(* Stability: from [a = s b] and [b = p a q] we get [b = (p s)^n b q^n] for all [n], and an
   idempotent power of [p s] then fixes [b] on the left. *)
Lemma leL_stable a b : leLg op a b -> leJ op b a -> leLg op b a.
Proof.
move=> /leLP[s Ha] /leJP[p [q Hb]].
set c := p ** s.
have Hb1 : Some b = c ** (Some b ** q) by rewrite {1}Hb Ha /c !omulA.
have Hn n : Some b = opow c n ** (Some b ** opow q n).
  elim: n => [|n IH] //.
  by rewrite {1}Hb1 {1}IH [opow q n.+1]opowSr -[opow c n.+1]/(c ** opow c n) !omulA.
have [[|n] // _ idem] := idempotent_power c.
have Hcb : opow c n.+1 ** Some b = Some b by rewrite {1}(Hn n.+1) omulA idem -Hn.
by apply/leLP; exists (opow c n ** p); rewrite -{1}Hcb opowSr /c Ha !omulA.
Qed.
End Monoid.
Arguments omul {S} op a b.

Section DequalsJ.
Variables (S : finType) (op : S -> S -> S).
Hypothesis opA : forall x y z, op (op x y) z = op x (op y z).

Let fop x y := op y x.
Let fopA : forall x y z, fop (fop x y) z = fop x (fop y z).
Proof. by move=> x y z; rewrite /fop opA. Qed.
Let omul_fop a b : omul fop a b = omul op b a.
Proof. by case: a; case: b. Qed.

Lemma leR_stable a b : leR op a b -> leJ op b a -> leR op b a.
Proof.
move=> ab /leJP[s [t Hb]].
have flip_ba : leJ fop b a by apply/leJP; exists t, s; rewrite !omul_fop Hb omulA.
by apply: (leL_stable fopA).
Qed.

Lemma Drel_sym x y : Drel op x y = Drel op y x.
Proof. by apply: sym_connect_sym => a b; rewrite Rrel_sym Lrel_sym. Qed.

Lemma Drel_trans x y z : Drel op x y -> Drel op y z -> Drel op x z.
Proof. exact: connect_trans. Qed.

Lemma Lrel_Drel x y : Lrel op x y -> Drel op x y.
Proof. by move=> xy; apply: connect1; rewrite xy orbT. Qed.

Lemma Rrel_Drel x y : Rrel op x y -> Drel op x y.
Proof. by move=> xy; apply: connect1; rewrite xy. Qed.

Lemma Drel_ind (P : S -> S -> Prop) :
  (forall x, P x x) ->
  (forall x y z, Rrel op x y || Lrel op x y -> P y z -> P x z) ->
  forall x y, Drel op x y -> P x y.
Proof.
move=> Prefl Pstep x y /connectP[p]; elim: p x => [|z p IH] x /=; first by move=> _ ->.
by case/andP=> xz zp yE; apply: Pstep xz (IH _ zp yE).
Qed.

Lemma Drel_leJ x y : Drel op x y -> leJ op x y && leJ op y x.
Proof.
apply: (Drel_ind (P := fun x y => leJ op x y && leJ op y x)).
  by move=> z; rewrite leJ_refl.
move=> a b c /orP[] /andP[ab ba] /andP[bc cb].
  by rewrite (leJ_trans opA (leR_leJ ab) bc) (leJ_trans opA cb (leR_leJ ba)).
by rewrite (leJ_trans opA (leL_leJ ab) bc) (leJ_trans opA cb (leL_leJ ba)).
Qed.

(* If x = s y t, then z = s y satisfies x R z L y, by stability. *)
Lemma leJ_Drel x y : leJ op x y -> leJ op y x -> Drel op x y.
Proof.
move=> /leJP[s [t Hx]] yx.
have [z Hz] : exists z, Some z = omul op s (Some y).
  by case: s {Hx} => [s|]; [exists (op s y)|exists y].
have zy : leLg op z y by apply/leLP; exists s.
have xz : leR op x z by apply/leRP; exists t; rewrite Hz.
have yz := leL_stable opA zy (leJ_trans opA yx (leR_leJ xz)).
have zx := leR_stable xz (leJ_trans opA (leL_leJ zy) yx).
apply: (Drel_trans (y := z)); first by apply: Rrel_Drel; rewrite /Rrel xz.
by apply: Lrel_Drel; rewrite /Lrel zy.
Qed.
End DequalsJ.

Section Involution.
Variables (S : finType) (op : S -> S -> S) (st : S -> S).
Hypothesis stK : involutive st.
Hypothesis stM : forall x y, st (op x y) = op (st y) (st x).

Let omap_st_omul a b : omap st (omul op a b) = omul op (omap st b) (omap st a).
Proof. by case: a => [a|]; case: b => [b|] //=; rewrite stM. Qed.

Lemma st_leL x y : leLg op x y -> leR op (st x) (st y).
Proof.
move=> /leLP[s Hx]; apply/leRP; exists (omap st s).
by rewrite -[Some (st x)]/(omap st (Some x)) Hx omap_st_omul.
Qed.

Lemma st_leR x y : leR op x y -> leLg op (st x) (st y).
Proof.
move=> /leRP[s Hx]; apply/leLP; exists (omap st s).
by rewrite -[Some (st x)]/(omap st (Some x)) Hx omap_st_omul.
Qed.

Lemma st_Lrel x y : Lrel op x y -> Rrel op (st x) (st y).
Proof. by case/andP=> xy yx; rewrite /Rrel !st_leL. Qed.

Lemma st_Rrel x y : Rrel op x y -> Lrel op (st x) (st y).
Proof. by case/andP=> xy yx; rewrite /Lrel !st_leR. Qed.

Lemma st_LrelE x y : Lrel op (st x) (st y) = Rrel op x y.
Proof. by apply/idP/idP => [/st_Lrel|/st_Rrel //]; rewrite !stK. Qed.

Lemma st_Drel x y : Drel op x y -> Drel op (st x) (st y).
Proof.
apply: (Drel_ind (P := fun x y => Drel op (st x) (st y))) => [z|a b c /orP[] ab bc].
- exact: connect0.
- by apply: Drel_trans bc; apply: Lrel_Drel; apply: st_Rrel.
- by apply: Drel_trans bc; apply: Rrel_Drel; apply: st_Lrel.
Qed.
End Involution.

Section Classes.
Variables (S : finType) (op : S -> S -> S).
Hypothesis opA : forall x y z, op (op x y) z = op x (op y z).

Lemma dcl_memE (D : dcl op) z w : w \in val D -> (z \in val D) = Drel op w z.
Proof.
case: D => _ /= /imsetP[x _ ->]; rewrite !inE => xw.
apply/idP/idP => [xz|]; last exact: Drel_trans.
by apply: Drel_trans xz; rewrite Drel_sym.
Qed.

Lemma dcl_eq (D1 D2 : dcl op) z : z \in val D1 -> z \in val D2 -> D1 = D2.
Proof.
by move=> z1 z2; apply/val_inj/setP => w; rewrite (dcl_memE w z1) (dcl_memE w z2).
Qed.

Lemma dcl_leJ (D : dcl op) x y : x \in val D -> y \in val D -> leJ op x y.
Proof. by move=> xD; rewrite (dcl_memE _ xD) => /(Drel_leJ opA)/andP[]. Qed.

Definition dcl_of (z : S) : dcl op :=
  exist (fun D => D \in dclasses op) [set y | Drel op z y] (imset_f _ (isT : z \in S)).

Lemma mem_dcl_of z : z \in val (dcl_of z).
Proof. by rewrite inE; apply: connect0. Qed.

Lemma dle_trans (D1 D2 D3 : dcl op) :
  dle op (val D1) (val D2) -> dle op (val D2) (val D3) -> dle op (val D1) (val D3).
Proof.
case/existsP=> x1 /andP[x1D1 /existsP[y2 /andP[y2D2 x1y2]]].
case/existsP=> x2 /andP[x2D2 /existsP[y3 /andP[y3D3 x2y3]]].
have y2x2 := dcl_leJ y2D2 x2D2.
apply/existsP; exists x1; rewrite x1D1; apply/existsP; exists y3; rewrite y3D3 /=.
exact: (leJ_trans opA x1y2 (leJ_trans opA y2x2 x2y3)).
Qed.

Lemma dle_anti (D1 D2 : dcl op) :
  dle op (val D1) (val D2) -> dle op (val D2) (val D1) -> D1 = D2.
Proof.
case/existsP=> x1 /andP[x1D1 /existsP[y2 /andP[y2D2 x1y2]]].
case/existsP=> x2 /andP[x2D2 /existsP[y1 /andP[y1D1 x2y1]]].
have y2x1 := leJ_trans opA (dcl_leJ y2D2 x2D2) (leJ_trans opA x2y1 (dcl_leJ y1D1 x1D1)).
suff y2D1 : y2 \in val D1 by apply: dcl_eq y2D1 y2D2.
by rewrite (dcl_memE _ x1D1) leJ_Drel.
Qed.

Lemma dlt_trans (D1 D2 D3 : dcl op) :
  dlt op (val D1) (val D2) -> dlt op (val D2) (val D3) -> dlt op (val D1) (val D3).
Proof.
case/andP=> D12 _ /andP[D23 D2D3]; rewrite /dlt (dle_trans D12 D23).
by apply: contra D2D3 => /eqP/val_inj D13; rewrite -D13 in D23 *; rewrite (dle_anti D12 D23).
Qed.

Lemma dlt_asym (D1 D2 : dcl op) : dlt op (val D1) (val D2) -> ~~ dlt op (val D2) (val D1).
Proof. by case/andP=> D12 D1D2; apply: contraNN D1D2 => /andP[/(dle_anti D12) ->]. Qed.

Lemma lcl_memE (D : {set S}) (L : lcl op D) z w : w \in val L -> (z \in val L) = Lrel op w z.
Proof.
case: L => _ /= /imsetP[x _ ->]; rewrite !inE => xw.
apply/idP/idP => [xz|]; last exact: (Lrel_trans opA).
by apply: (Lrel_trans opA _ xz); rewrite Lrel_sym.
Qed.

Lemma lcl_eq (D : {set S}) (L1 L2 : lcl op D) z : z \in val L1 -> z \in val L2 -> L1 = L2.
Proof.
by move=> z1 z2; apply/val_inj/setP => w; rewrite (lcl_memE w z1) (lcl_memE w z2).
Qed.

Definition lcl_of (D : {set S}) z (zD : z \in D) : lcl op D :=
  exist (fun L => L \in lclasses_in op D) [set y | Lrel op z y] (imset_f _ zD).

Lemma mem_lcl_of (D : {set S}) z (zD : z \in D) : z \in val (lcl_of zD).
Proof. by rewrite inE Lrel_refl. Qed.
End Classes.

(* Green's lemma: for an idempotent [e], [a L e] and [b R e], the map [g |-> a g b] is a
   bijection from [H_e] onto the [z] with [z R a] and [z L b]. *)
Section Eggbox.
Variables (S : finType) (op : S -> S -> S) (e : S).
Hypothesis opA : forall x y z, op (op x y) z = op x (op y z).
Hypothesis ee : op e e = e.
Local Notation "x ** y" := (omul op x y) (at level 40, left associativity).
Local Notation omulA := (omulA opA).

Let omul_Some x y : Some x ** Some y = Some (op x y). Proof. by []. Qed.

Let omul_Sl x a : exists y, Some y = Some x ** a.
Proof. by case: a => [a|]; eexists. Qed.

Lemma mul_idem_r x : leLg op x e -> op x e = x.
Proof.
move=> /leLP[s Hx]; apply: Some_inj.
by rewrite -omul_Some Hx -omulA /= ee.
Qed.

Lemma mul_idem_l x : leR op x e -> op e x = x.
Proof.
move=> /leRP[s Hx]; apply: Some_inj.
by rewrite -omul_Some Hx omulA /= ee.
Qed.

Lemma hclass_idem g : g \in hclass op e ->
  [/\ op g e = g, op e g = g, Rrel op g e & Lrel op g e].
Proof.
rewrite inE => /andP[eg ge]; rewrite Rrel_sym in eg; rewrite Lrel_sym in ge.
by split => //; [apply: mul_idem_r; case/andP: ge | apply: mul_idem_l; case/andP: eg].
Qed.

Lemma hclass_inv g : g \in hclass op e -> exists g', op g' g = e /\ op g g' = e.
Proof.
move=> gH; have [ge eg /andP[_ /leRP[a Ha]] /andP[_ /leLP[b Hb]]] := hclass_idem gH.
have [g' Hg'] := omul_Sl e a.
have Hg'b : Some g' = b ** Some e by rewrite Hg' {1}Hb -omulA -Ha.
exists g'; split; apply: Some_inj.
  by rewrite -omul_Some Hg'b -omulA /= eg -Hb.
by rewrite -omul_Some Hg' omulA omul_Some ge -Ha.
Qed.

Lemma sandwich_onto a b z : Lrel op a e -> Rrel op b e -> Rrel op z a -> Lrel op z b ->
  exists2 g, g \in hclass op e & z = op (op a g) b.
Proof.
case/andP=> aLe /leLP[d Hd]; case/andP=> bRe /leRP[c Hc].
case/andP=> /leRP[a1 Ha1] /leRP[a2 Ha2]; case/andP=> /leLP[b1 Hb1] /leLP[b2 Hb2].
have ae := mul_idem_r aLe; have eb := mul_idem_l bRe.
have [zc Hzc] := omul_Sl z c.
have [g Hg] : exists g, Some g = d ** (Some z ** c).
  by rewrite -Hzc; case: d {Hd} => [d|]; eexists.
have F1 : Some a ** (d ** Some z) = Some z.
  by rewrite {1}Ha1 (omulA d) -Hd omulA omul_Some ae -Ha1.
have F2 : (Some z ** c) ** Some b = Some z.
  by rewrite {1}Hb1 -(omulA b1) -Hc -omulA omul_Some eb -Hb1.
exists g; last first.
  by apply: Some_inj; rewrite -!omul_Some Hg (omulA d) omulA F1 F2.
have F1x x : Some a ** (d ** (Some z ** x)) = Some z ** x by rewrite (omulA d) omulA F1.
have F2x x : Some z ** (c ** (Some b ** x)) = Some z ** x by rewrite omulA omulA F2.
rewrite inE /Hrel /Rrel /Lrel; apply/andP; split; apply/andP; split.
- by apply/leRP; exists (Some b ** a2); rewrite Hd Ha2 Hg -!omulA F2x.
- by apply/leRP; exists (Some g); rewrite Hg Hd -!omulA F1x.
- by apply/leLP; exists (b2 ** Some a); rewrite Hc Hb2 Hg -!omulA F1x.
- by apply/leLP; exists (Some g); rewrite Hg Hc -!omulA F2x.
Qed.

Lemma sandwich_Lrel a b g : Lrel op a e -> Rrel op b e -> g \in hclass op e ->
  Lrel op (op (op a g) b) b.
Proof.
case/andP=> _ /leLP[d Hd] /andP[bRe _] gH.
have [_ eg _ _] := hclass_idem gH; have [g' [g'g _]] := hclass_inv gH.
apply/andP; split; first by apply/leLP; exists (Some (op a g)).
apply/leLP; exists (Some g' ** d).
have HdX x : d ** (Some a ** x) = Some e ** x by rewrite omulA -Hd.
have HegX x : Some e ** (Some g ** x) = Some g ** x by rewrite omulA omul_Some eg.
by rewrite -!omul_Some -!omulA HdX HegX omulA omul_Some g'g omul_Some (mul_idem_l bRe).
Qed.

Lemma sandwich_Rrel a b g : Lrel op a e -> Rrel op b e -> g \in hclass op e ->
  Rrel op (op (op a g) b) a.
Proof.
case/andP=> aLe _ /andP[_ /leRP[c Hc]] gH.
have [ge _ _ _] := hclass_idem gH; have [g' [_ gg']] := hclass_inv gH.
apply/andP; split; first by apply/leRP; exists (Some (op g b)); rewrite omul_Some opA.
apply/leRP; exists (c ** Some g').
have HcX x : Some b ** (c ** x) = Some e ** x by rewrite omulA -Hc.
have HgeX x : Some g ** (Some e ** x) = Some g ** x by rewrite omulA omul_Some ge.
by rewrite -!omul_Some -!omulA HcX HgeX omul_Some gg' omul_Some (mul_idem_r aLe).
Qed.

▸ **Aim of the exercise**: Could you return, word for word, only the lines running from the first line of the material above to the line that contains "Let fop x y := op y x.", inclusive?

▸ **Answer to the exercise**:
(* Stability: from [a = s b] and [b = p a q] we get [b = (p s)^n b q^n] for all [n], and an
   idempotent power of [p s] then fixes [b] on the left. *)
Lemma leL_stable a b : leLg op a b -> leJ op b a -> leLg op b a.
Proof.
move=> /leLP[s Ha] /leJP[p [q Hb]].
set c := p ** s.
have Hb1 : Some b = c ** (Some b ** q) by rewrite {1}Hb Ha /c !omulA.
have Hn n : Some b = opow c n ** (Some b ** opow q n).
  elim: n => [|n IH] //.
  by rewrite {1}Hb1 {1}IH [opow q n.+1]opowSr -[opow c n.+1]/(c ** opow c n) !omulA.
have [[|n] // _ idem] := idempotent_power c.
have Hcb : opow c n.+1 ** Some b = Some b by rewrite {1}(Hn n.+1) omulA idem -Hn.
by apply/leLP; exists (opow c n ** p); rewrite -{1}Hcb opowSr /c Ha !omulA.
Qed.
End Monoid.
Arguments omul {S} op a b.

Section DequalsJ.
Variables (S : finType) (op : S -> S -> S).
Hypothesis opA : forall x y z, op (op x y) z = op x (op y z).

Let fop x y := op y x.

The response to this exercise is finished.